Ever had a dream about a wonderful bike only to lose it?
This site has you covered… you are welcome.
One of my reports. No doubt @unimyra will understand the importance of this.
I should probably note that this site is associated with @erlendloe and his new book. I suspect the book with only be in Norwegian but much like Flexie-Belle's register, his Dream Bike Register is useable by all.
https://cappelendamm.no/_drommenes-sykkelregister-erlend-loe-9788202802042
EDIT: Ok I see my my alt text English translation is clipped (at least on hover for the Mastodon web interface). If you cannot speak Norwegian and want to read that entire summary (which you do!) use your translation service of choice on the link.
Ok, yes the full alt text is present apparently. I see it when I inspect the page with dev tools but does not display in its entirety for the tooltip.
@ruari Alt texts should ideally be kept under 125 characters; because JAWS (don’t know about other screen readers) will cut it off at that point. The longdesc attribute is recommended for longer descriptions. Of course, that’s not available in the UI most (any?!) places, so I reckon pasting the whole text in a follow-up toot is sort of a solution.
@feditips Yeah I need to think about this going forward. I often have long alt text and not just because I include a full copy of written words from a screenshot. Now I am thinking about how I should order things, so that the most relevant part is near the front, so when it is too long, they'll at least get something.
Have consulted and followed a number of blind users on here about best practice for posting, and never heard this ever mentioned.
I'm wondering if this is something that has entered web design circles a while ago and just stayed there as a rule?
I just dropped a message to a blind user who has helped me out a lot, I'll see what they have to say.
@feditips @ruari Thank you for investigating and clearing it up for us!
I've always worked with the assumption that alt texts should be short and precise - when it was first implemented in browsers it was to describe images rather than transcribe big blocks of screenshotted text
There's also the chance that when the alt text replaces a non-loading image, the text might get cut off depending on the width & height of the image it's replacing.
@feditips FWIW I do think a lot of sighted users do use the alt text as well. Images are sometimes deleted from caches on instances. In addition there are extentions and tools built into browsers (including Vivaldi) to prevent loading of images for various reasons. Here is my earlier post, which interestingly shows the entire alt text even though the toltip did not.

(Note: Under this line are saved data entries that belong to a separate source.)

Definition absorbs_powers (a : A) := forall m, exists N p, E ^+ N * a = p * E ^+ m.

Lemma absorbs_powers_comm z : GRing.comm z E -> absorbs_powers z.
Proof. by move=> zE m; exists m, z; rewrite (commrX m zE). Qed.

Lemma absorbs_powers1 : absorbs_powers 1.
Proof. by apply: absorbs_powers_comm; rewrite /GRing.comm mulr1 mul1r. Qed.

Lemma absorbs_powersD a b :
  absorbs_powers a -> absorbs_powers b -> absorbs_powers (a + b).
Proof.
move=> ha hb m; have [Na [pa Ea]] := ha m; have [Nb [pb Eb]] := hb m.
exists (Na + Nb)%N, (E ^+ Nb * pa + E ^+ Na * pb).
rewrite mulrDr mulrDl; congr (_ + _).
  by rewrite addnC exprD -mulrA Ea mulrA.
by rewrite exprD -mulrA Eb mulrA.
Qed.

Lemma absorbs_powersZ c a : absorbs_powers a -> absorbs_powers (c *: a).
Proof.
by move=> ha m; have [N [p Ep]] := ha m; exists N, (c *: p); rewrite -scalerAr Ep scalerAl.
Qed.

Lemma absorbs_powersM a b :
  absorbs_powers a -> absorbs_powers b -> absorbs_powers (a * b).
Proof.
move=> ha hb m; have [Nb [pb Eb]] := hb m; have [Na [pa Ea]] := ha Nb.
by exists Na, (pa * pb); rewrite mulrA Ea -mulrA Eb mulrA.
Qed.

(* Witness: E^(m+1) z = (z E - (m+1) c) E^m. *)
Lemma absorbs_powers_shift z c :
  E * z = z * E - c -> GRing.comm E c -> absorbs_powers z.
Proof.
move=> Ez Ec m; exists m.+1, (z * E - c *+ m.+1).
elim: m => [|m IH]; first by rewrite expr1 expr0 mulr1 mulr1n.
rewrite exprS -mulrA IH mulrA mulrBr mulrA Ez mulrnAr Ec [E ^+ m.+1]exprS mulrA.
by congr (_ * _); rewrite !mulrBl mulrnAl -addrA -opprD -mulrS.
Qed.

@feditips I also sometimes use @ihabunek's wonderful Toot TUI masto client from the terminal and appreciate the alt text greatly myself.
Here is my older post as an example
A side note @feditips since you write masto tips. Toot is really nice for automating posting from scripts. My @browserversiontracker and @vivaldiversiontracker are basically just short shell scripts powered by cURL to fetch information and Toot to post it.
With tools like these doing the heavy lifting simple info posting masto bots are pretty straightforward if you have basic command line skils.
You have probably written about these things before but I mention it nonetheless.
@ruari @browserversiontracker @vivaldiversiontracker @ihabunek
I've mentioned Toot as a command line app, didn't know about the script side of things. Thanks!
@feditips Well it just makes the posting part really simple as you can just pipe text into it from the command line. Here is a small excerpt from the shell script that posts the @vivaldiversiontracker information.
@feditips My "bots" (actually just automated posting) are tiny shell scripts run as cron jobs. At set intervals they use cURL to fetch information from the web, extract key values with tools like sed and grep and then post with Toot (if those values have changed since last time).
I know it is not for everyone but the barrier for entry is fairly low if someone is at all command line savvy.
Do you have a post about this somewhere I could link to?
@feditips I guess I could write a short blog post about it with maybe an example script.
@feditips I can tweak this old script that I used to use on my watch account that posted hourly updates of the time in binary as Christmas trees (lit and unlit).
Make it into something more useful and embed it in a blog post
https://gist.github.com/ruario/dcbb5a42df8590cb9bf61e846bba393e
Hahaha, I knew you would bring unusual watches into it
Even a quick blog post summarising what you've posted in this thread would do!
@feditips I mean it was that or unicycles…right!?
@feditips I will give a better example and not use binary, since adds an extra complication for people to understand.
Maybe a latest headline from your favourite new site or something sent to you hourly (if it changes). Or something along those lines. Nice and simple that people can relate to.
Doesnt have to be super useful directly, so long as they get the idea and can use it to make something useful for themselves.